# What camera is best for me... Canon 5D mkii or the 7D



## AshD_UK (Mar 28, 2011)

Hi everyone, I've just started out in the tv/film industry and looking to buy a camera that gives great quality video and also a good picture quality as I freelance as both a photographer and cameraman. 

I am looking at both the 7D and 5D mark ii, I have been going crazy the last few days trying to decide on which one to get being that I love both cameras for different reasons. 

I like the idea of the 7D for the higher fps for slow motion and action shots and the the fact that is has a flash built in but I am also drawn towards the 5D for the apparent better image quality and that it is better in low light with a higher ISO. I have read through countless forums and I am still completely split! 

Both have their obvious appeals and drawbacks but cannot decide which one would be more suited for me. At the moment, I feel slightly more drawn towards the 7D but also find the 5D appealing for its advantages in low light.. does anyone have experience of both? Is the 5D noticeably better in low light? and is the 7D still quite good in low light?

If anyone can help, I really appreciate it as I am about to go insane if I read another forum with people arguing that their camera is better. 

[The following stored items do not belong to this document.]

Lemma nonroot_of_root_B0 (z : R[i]) : root (polyZ R[i] B0) z -> ~~ root (polyZ R[i] Q) z.
Proof.
move=> B0z; rewrite /root horner_Q subr_eq0.
apply: (@prod_neq_exp_const _ _ j0 _ z) => [j||].
- by rewrite (congr_Zt_horner (d_B0 j) B0z) /polyZ map_polyX hornerX.
- by rewrite -(mulr0z 1); exact: polyZ_no_real_root_neq.
- by rewrite -(mulr1z 1); exact: polyZ_no_real_root_neq.
Qed.

Lemma nonroot_of_root_B j1 (z : R[i]) :
  root (polyZ R[i] (B j1)) z -> ~~ root (polyZ R[i] Q) z.
Proof.
move=> Bz; rewrite /root horner_Q subr_eq0; apply/negP => /eqP.
case/(prod_eq_exp_root_unity (j1 := j1)) => [j j_neq|m m_gt0].
  have j1_neq : j1 != j by rewrite eq_sym.
  by rewrite (congr_Zt_horner (d_B_other j1_neq) Bz) /polyZ rmorph1 hornerC.
by rewrite (congr_Zt_horner (d_B j1) Bz) => /eqP; apply/negP/P_exp_neq1.
Qed.

Lemma nonroot_of_root_factors (z : R[i]) :
  root (polyZ R[i] (B0 * \prod_(j < k) B j)) z -> ~~ root (polyZ R[i] Q) z.
Proof.
by case/root_polyZ_mul_prod => [|[j]]; [apply: nonroot_of_root_B0 | apply: nonroot_of_root_B].
Qed.

End NoCommonRoot.

Unset Implicit Arguments.

Theorem proposition6p12 (R : realType) (n : nat) (M : 'M[int]_n.+1)
  (hM : \det M = 1)
  (B0 : {poly int}) (k : nat) (B : 'I_k -> {poly int})
  (hJ : type_J_factorization R (char_poly M) B0 B)
  (s : nat) (alpha : 'I_s -> R) (halpha : enum_real_eigenvalues M alpha)
  (sj : 'I_k -> nat) (alphaj : forall j, 'I_(sj j) -> R)
  (halphaj : forall j, enum_real_roots (B j) (alphaj j))
  (D : {j : 'I_k & 'I_(sj j)} -> {poly int})
  (hD : primary_dirichlet_family M alpha B0 B alphaj D) :
  special R M D.
Proof.
case: hJ => k_gt0 charM B0_no_real_root B_props _.
case: hD => [[detD _ _] [P hP]].
have sj_gt0 j : (0 < sj j)%N.
  have [_ [x Bx] _] := B_props j; have [l _] := ((halphaj j).2 x).1 Bx.
  exact: leq_ltn_trans (leq0n l) (ltn_ord l).
pose t j := Tagged (fun j => 'I_(sj j)) (Ordinal (sj_gt0 j)).
pose j0 := Ordinal k_gt0.
pose H j := horner_mx M^T (D (t j)).
have H_gen j : gen_subgroup (fun X => exists i, X = horner_mx M^T (D i)) (H j).
  by apply: gen_base; exists (t j).
have H_unit : H j0 ^+ k \in unitmx.
  by apply: unitrX; rewrite unitmxE /H horner_mx_trmx det_tr detD unitr1.
exists (\prod_(j | j != j0) H j * invmx (H j0 ^+ k)).
  by apply: gen_mul; [apply: gen_subgroup_prod | apply/gen_inv/gen_subgroupX].
apply/negP => eig1.
have [|z] := @has_eigenvalue_one_common_root R n M^T _ (H j0 ^+ k)
  (\prod_(j | j != j0) D (t j) - D (t j0) ^+ k) _ eig1.
  by rewrite -mulmxE mulmxKV // rmorphB rmorph_prod rmorphXn.
rewrite char_poly_trmx charM => Cz; apply/negP.
apply: (@nonroot_of_root_factors _ _ _ _ _ (fun j => D (t j)) (fun j => P (t j))
  _ _ _ _ _ _ Cz) => // [j|j|j mu mu_neq|j w m Bw m_gt0].
- by have [_ _ _ /(_ (Ordinal (sj_gt0 j))) []] := hP j.
- by have [_ _ _ /(_ (Ordinal (sj_gt0 j))) []] := hP j.
- by have [_ _ _ /(_ (Ordinal (sj_gt0 j))) [_ _ /(_ mu mu_neq)]] := hP j.
- have [_ P_gt0 P_basis _] := hP j; have [B_irr _ _] := B_props j.
  exact: free_log_rows_exp_neq1 B_irr (halphaj j) (P_gt0 _) (basis_free P_basis) Bw
    m_gt0.
Qed.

Im going to buy a lens with wahtever camera I get but yet to decide on which one to go for.


----------



## AshD_UK (Mar 28, 2011)

Also, as I will use the camera for shorts and so on.. audio will be a factor that is important, which one would be better for this?


----------



## Bram (Mar 28, 2011)

You decide, nobody here can choose for you, they will only say which camera they would buy. Go to the store and hold both of them, check the specs and decide which will benefit you more.


----------



## Overread (Mar 28, 2011)

The 5DM2 has a controllable volume audio recording with both its internal and external mic connection - whilst the 7D only has auto volume control. This feature was added to the 5DM2 in an update and some are wondering if the 7D will get it in an update or not (for the foreseeable future with the trouble in Japan the answer is no - and if it waits too long canon might just release a 7DM2 with the feature instead of updating the original). 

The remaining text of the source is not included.